Set down the records that follow in full and without changes.

- [Dataset records]:
==================================================
Lemma segpt_ball (a b : 'I_3) (s u d : R) :
  `|s - u| < d -> ball (segpt (vtx a) (vtx b) s) d (segpt (vtx a) (vtx b) u).
Proof.
have s3 : 0 <= Num.sqrt (3 : R) <= 2.
  have := sqr_sqrtr (ler0n R 3); have := sqrtr_ge0 (3 : R).
  by move=> r0 r3; apply/andP; split; nra.
have coord (i j : 'I_3) :
    `|(vtx i : R * R).1 - (vtx j).1| <= 1 /\ `|(vtx i : R * R).2 - (vtx j).2| <= 1.
  move: s3 => /andP[s0 s2]; rewrite /vtx.
  by do ! case: ifP => _; split; rewrite /= ler_norml; apply/andP; split; lra.
move=> hd; have [h1 h2] := coord b a.
have e1 : (segpt (vtx a) (vtx b) s).1 - (segpt (vtx a) (vtx b) u).1 =
  (s - u) * ((vtx b).1 - (vtx a).1) by rewrite /segpt /=; ring.
have e2 : (segpt (vtx a) (vtx b) s).2 - (segpt (vtx a) (vtx b) u).2 =
  (s - u) * ((vtx b).2 - (vtx a).2) by rewrite /segpt /=; ring.
by split; rewrite /ball /= ?e1 ?e2 normrM; apply: le_lt_trans hd; rewrite ler_piMr.
Qed.

Lemma dyadic_floor (t : R) n : 0 <= t <= 1 ->
  (Num.truncn (t * 2 ^+ n) <= 2 ^ n)%N /\
  `|t - (Num.truncn (t * 2 ^+ n))%:R / 2 ^+ n| < 2 ^- n.
Proof.
move=> /andP[t0 t1]; have h2 : 0 < (2 : R) ^+ n by rewrite exprn_gt0.
have /andP[k1 k2] := truncn_itv (mulr_ge0 t0 (ltW h2)).
split; first by rewrite -(ler_nat R) natrX (le_trans k1) // ler_piMl.
rewrite ger0_norm ?subr_ge0 ?ler_pdivrMr //.
set T := (2 : R) ^+ n in h2 k1 k2 *; set k := Num.truncn _ in k1 k2 *.
have -> : t - k%:R / T = (t * T - k%:R) / T by field; rewrite gt_eqF.
by rewrite ltr_pdivrMr // mulVf ?gt_eqF //; move: k2; rewrite -natr1; lra.
Qed.

Lemma compact_coord_bound K : compact K ->
  exists M : R, forall y, K y -> `|y.1| <= M /\ `|y.2| <= M.
Proof.
move=> /compact_bounded[N [_ HN]]; exists (`|N| + 1) => y Ky.
have hN : N < `|N| + 1 by rewrite (le_lt_trans (ler_norm N)) // ltrDl.
by have := HN _ hN y Ky; rewrite /= prod_normE ge_max => /andP[].
Qed.

End Topology.

Section Gasket.
Variable R : realType.
Variable K : set (R * R).
Hypothesis hK : SG_attractor K.

Let K_closed : closed K.
Proof. by case: hK => cK _ _; apply: compact_closed => //; exact: hausdorff_normed. Qed.

Lemma K_Fmap c x : K x -> K (Fmap c x).
Proof. by case: hK => _ _ hKe Kx; rewrite hKe; exists c => //; exists x. Qed.

Lemma K_Fw w x : K x -> K (Fw w x).
Proof. by elim: w => //= c w IH /IH; exact: K_Fmap. Qed.

Lemma K_preimage x n : K x -> exists w y, [/\ size w = n, K y & x = Fw w y].
Proof.
move=> Kx; elim: n => [|n [w [y [hs Ky ->]]]]; first by exists [::], x.
have [_ _ hKe] := hK; move: Ky; rewrite {1}hKe => -[i _ [z Kz <-]].
by exists (rcons w i), z; rewrite size_rcons hs /Fw -cats1 foldr_cat.
Qed.

Lemma K_vtx i : K (vtx i).
Proof.
have [_ [x0 Kx0] _] := hK; apply: (closed_ball_approx K_closed) => d d0.
have [n hn] := exists_ball_Fw (vtx i) (`|(vtx i).1 - x0.1| + `|(vtx i).2 - x0.2|) d0.
exists (Fw (nseq n i) x0); first exact: K_Fw.
by rewrite -{1}(@Fw_nseq_fix R i n); apply: hn; rewrite ?size_nseq ?lerDl ?lerDr.
Qed.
==================================================
- [Solution to this task]:
Lemma segpt_ball (a b : 'I_3) (s u d : R) :
  `|s - u| < d -> ball (segpt (vtx a) (vtx b) s) d (segpt (vtx a) (vtx b) u).
Proof.
have s3 : 0 <= Num.sqrt (3 : R) <= 2.
  have := sqr_sqrtr (ler0n R 3); have := sqrtr_ge0 (3 : R).
  by move=> r0 r3; apply/andP; split; nra.
have coord (i j : 'I_3) :
    `|(vtx i : R * R).1 - (vtx j).1| <= 1 /\ `|(vtx i : R * R).2 - (vtx j).2| <= 1.
  move: s3 => /andP[s0 s2]; rewrite /vtx.
  by do ! case: ifP => _; split; rewrite /= ler_norml; apply/andP; split; lra.
move=> hd; have [h1 h2] := coord b a.
have e1 : (segpt (vtx a) (vtx b) s).1 - (segpt (vtx a) (vtx b) u).1 =
  (s - u) * ((vtx b).1 - (vtx a).1) by rewrite /segpt /=; ring.
have e2 : (segpt (vtx a) (vtx b) s).2 - (segpt (vtx a) (vtx b) u).2 =
  (s - u) * ((vtx b).2 - (vtx a).2) by rewrite /segpt /=; ring.
by split; rewrite /ball /= ?e1 ?e2 normrM; apply: le_lt_trans hd; rewrite ler_piMr.
Qed.

Lemma dyadic_floor (t : R) n : 0 <= t <= 1 ->
  (Num.truncn (t * 2 ^+ n) <= 2 ^ n)%N /\
  `|t - (Num.truncn (t * 2 ^+ n))%:R / 2 ^+ n| < 2 ^- n.
Proof.
move=> /andP[t0 t1]; have h2 : 0 < (2 : R) ^+ n by rewrite exprn_gt0.
have /andP[k1 k2] := truncn_itv (mulr_ge0 t0 (ltW h2)).
split; first by rewrite -(ler_nat R) natrX (le_trans k1) // ler_piMl.
rewrite ger0_norm ?subr_ge0 ?ler_pdivrMr //.
set T := (2 : R) ^+ n in h2 k1 k2 *; set k := Num.truncn _ in k1 k2 *.
have -> : t - k%:R / T = (t * T - k%:R) / T by field; rewrite gt_eqF.
by rewrite ltr_pdivrMr // mulVf ?gt_eqF //; move: k2; rewrite -natr1; lra.
Qed.

Lemma compact_coord_bound K : compact K ->
  exists M : R, forall y, K y -> `|y.1| <= M /\ `|y.2| <= M.
Proof.
move=> /compact_bounded[N [_ HN]]; exists (`|N| + 1) => y Ky.
have hN : N < `|N| + 1 by rewrite (le_lt_trans (ler_norm N)) // ltrDl.
by have := HN _ hN y Ky; rewrite /= prod_normE ge_max => /andP[].
Qed.

End Topology.

Section Gasket.
Variable R : realType.
Variable K : set (R * R).
Hypothesis hK : SG_attractor K.

Let K_closed : closed K.
Proof. by case: hK => cK _ _; apply: compact_closed => //; exact: hausdorff_normed. Qed.

Lemma K_Fmap c x : K x -> K (Fmap c x).
Proof. by case: hK => _ _ hKe Kx; rewrite hKe; exists c => //; exists x. Qed.

Lemma K_Fw w x : K x -> K (Fw w x).
Proof. by elim: w => //= c w IH /IH; exact: K_Fmap. Qed.

Lemma K_preimage x n : K x -> exists w y, [/\ size w = n, K y & x = Fw w y].
Proof.
move=> Kx; elim: n => [|n [w [y [hs Ky ->]]]]; first by exists [::], x.
have [_ _ hKe] := hK; move: Ky; rewrite {1}hKe => -[i _ [z Kz <-]].
by exists (rcons w i), z; rewrite size_rcons hs /Fw -cats1 foldr_cat.
Qed.

Lemma K_vtx i : K (vtx i).
Proof.
have [_ [x0 Kx0] _] := hK; apply: (closed_ball_approx K_closed) => d d0.
have [n hn] := exists_ball_Fw (vtx i) (`|(vtx i).1 - x0.1| + `|(vtx i).2 - x0.2|) d0.
exists (Fw (nseq n i) x0); first exact: K_Fw.
by rewrite -{1}(@Fw_nseq_fix R i n); apply: hn; rewrite ?size_nseq ?lerDl ?lerDr.
Qed.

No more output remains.